Records for this exercise:

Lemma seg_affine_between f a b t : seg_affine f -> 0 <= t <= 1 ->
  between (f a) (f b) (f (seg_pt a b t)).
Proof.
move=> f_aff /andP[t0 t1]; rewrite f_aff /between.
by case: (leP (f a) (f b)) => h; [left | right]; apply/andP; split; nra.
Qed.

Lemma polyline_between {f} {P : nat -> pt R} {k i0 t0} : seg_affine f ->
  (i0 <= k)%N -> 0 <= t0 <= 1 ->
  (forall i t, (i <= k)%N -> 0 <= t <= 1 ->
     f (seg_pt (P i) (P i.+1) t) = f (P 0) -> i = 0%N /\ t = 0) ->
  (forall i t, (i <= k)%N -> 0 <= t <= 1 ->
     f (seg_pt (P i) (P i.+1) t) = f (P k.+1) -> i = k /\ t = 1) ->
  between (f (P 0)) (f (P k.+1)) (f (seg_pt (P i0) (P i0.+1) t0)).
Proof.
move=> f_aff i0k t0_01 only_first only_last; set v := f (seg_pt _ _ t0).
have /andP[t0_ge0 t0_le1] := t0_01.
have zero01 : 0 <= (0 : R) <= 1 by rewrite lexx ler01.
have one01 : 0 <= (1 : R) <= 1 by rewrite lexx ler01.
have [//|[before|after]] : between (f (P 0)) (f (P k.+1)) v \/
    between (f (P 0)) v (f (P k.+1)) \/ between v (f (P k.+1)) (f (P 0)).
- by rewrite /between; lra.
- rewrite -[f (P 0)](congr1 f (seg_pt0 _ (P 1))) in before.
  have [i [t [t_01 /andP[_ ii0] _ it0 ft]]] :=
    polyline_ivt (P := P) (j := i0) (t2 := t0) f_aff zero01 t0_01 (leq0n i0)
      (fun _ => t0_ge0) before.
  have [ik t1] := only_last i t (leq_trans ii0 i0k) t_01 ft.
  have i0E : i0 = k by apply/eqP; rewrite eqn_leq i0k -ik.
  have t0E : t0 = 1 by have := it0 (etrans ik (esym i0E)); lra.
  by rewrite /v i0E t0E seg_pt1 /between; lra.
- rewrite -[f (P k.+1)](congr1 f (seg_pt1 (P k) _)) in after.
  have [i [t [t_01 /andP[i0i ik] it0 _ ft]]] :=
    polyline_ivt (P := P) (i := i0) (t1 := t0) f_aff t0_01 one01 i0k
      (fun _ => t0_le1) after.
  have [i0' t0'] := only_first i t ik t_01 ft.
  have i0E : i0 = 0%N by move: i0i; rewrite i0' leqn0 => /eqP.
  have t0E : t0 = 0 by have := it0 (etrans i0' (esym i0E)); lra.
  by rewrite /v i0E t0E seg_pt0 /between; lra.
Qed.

What the exercise asks: Restate word for word each line of the data from the one with "have one01 : 0" to the last, keeping both ends.

Result for this task:
have one01 : 0 <= (1 : R) <= 1 by rewrite lexx ler01.
have [//|[before|after]] : between (f (P 0)) (f (P k.+1)) v \/
    between (f (P 0)) v (f (P k.+1)) \/ between v (f (P k.+1)) (f (P 0)).
- by rewrite /between; lra.
- rewrite -[f (P 0)](congr1 f (seg_pt0 _ (P 1))) in before.
  have [i [t [t_01 /andP[_ ii0] _ it0 ft]]] :=
    polyline_ivt (P := P) (j := i0) (t2 := t0) f_aff zero01 t0_01 (leq0n i0)
      (fun _ => t0_ge0) before.
  have [ik t1] := only_last i t (leq_trans ii0 i0k) t_01 ft.
  have i0E : i0 = k by apply/eqP; rewrite eqn_leq i0k -ik.
  have t0E : t0 = 1 by have := it0 (etrans ik (esym i0E)); lra.
  by rewrite /v i0E t0E seg_pt1 /between; lra.
- rewrite -[f (P k.+1)](congr1 f (seg_pt1 (P k) _)) in after.
  have [i [t [t_01 /andP[i0i ik] it0 _ ft]]] :=
    polyline_ivt (P := P) (i := i0) (t1 := t0) f_aff t0_01 one01 i0k
      (fun _ => t0_le1) after.
  have [i0' t0'] := only_first i t ik t_01 ft.
  have i0E : i0 = 0%N by move: i0i; rewrite i0' leqn0 => /eqP.
  have t0E : t0 = 0 by have := it0 (etrans i0' (esym i0E)); lra.
  by rewrite /v i0E t0E seg_pt0 /between; lra.
Qed.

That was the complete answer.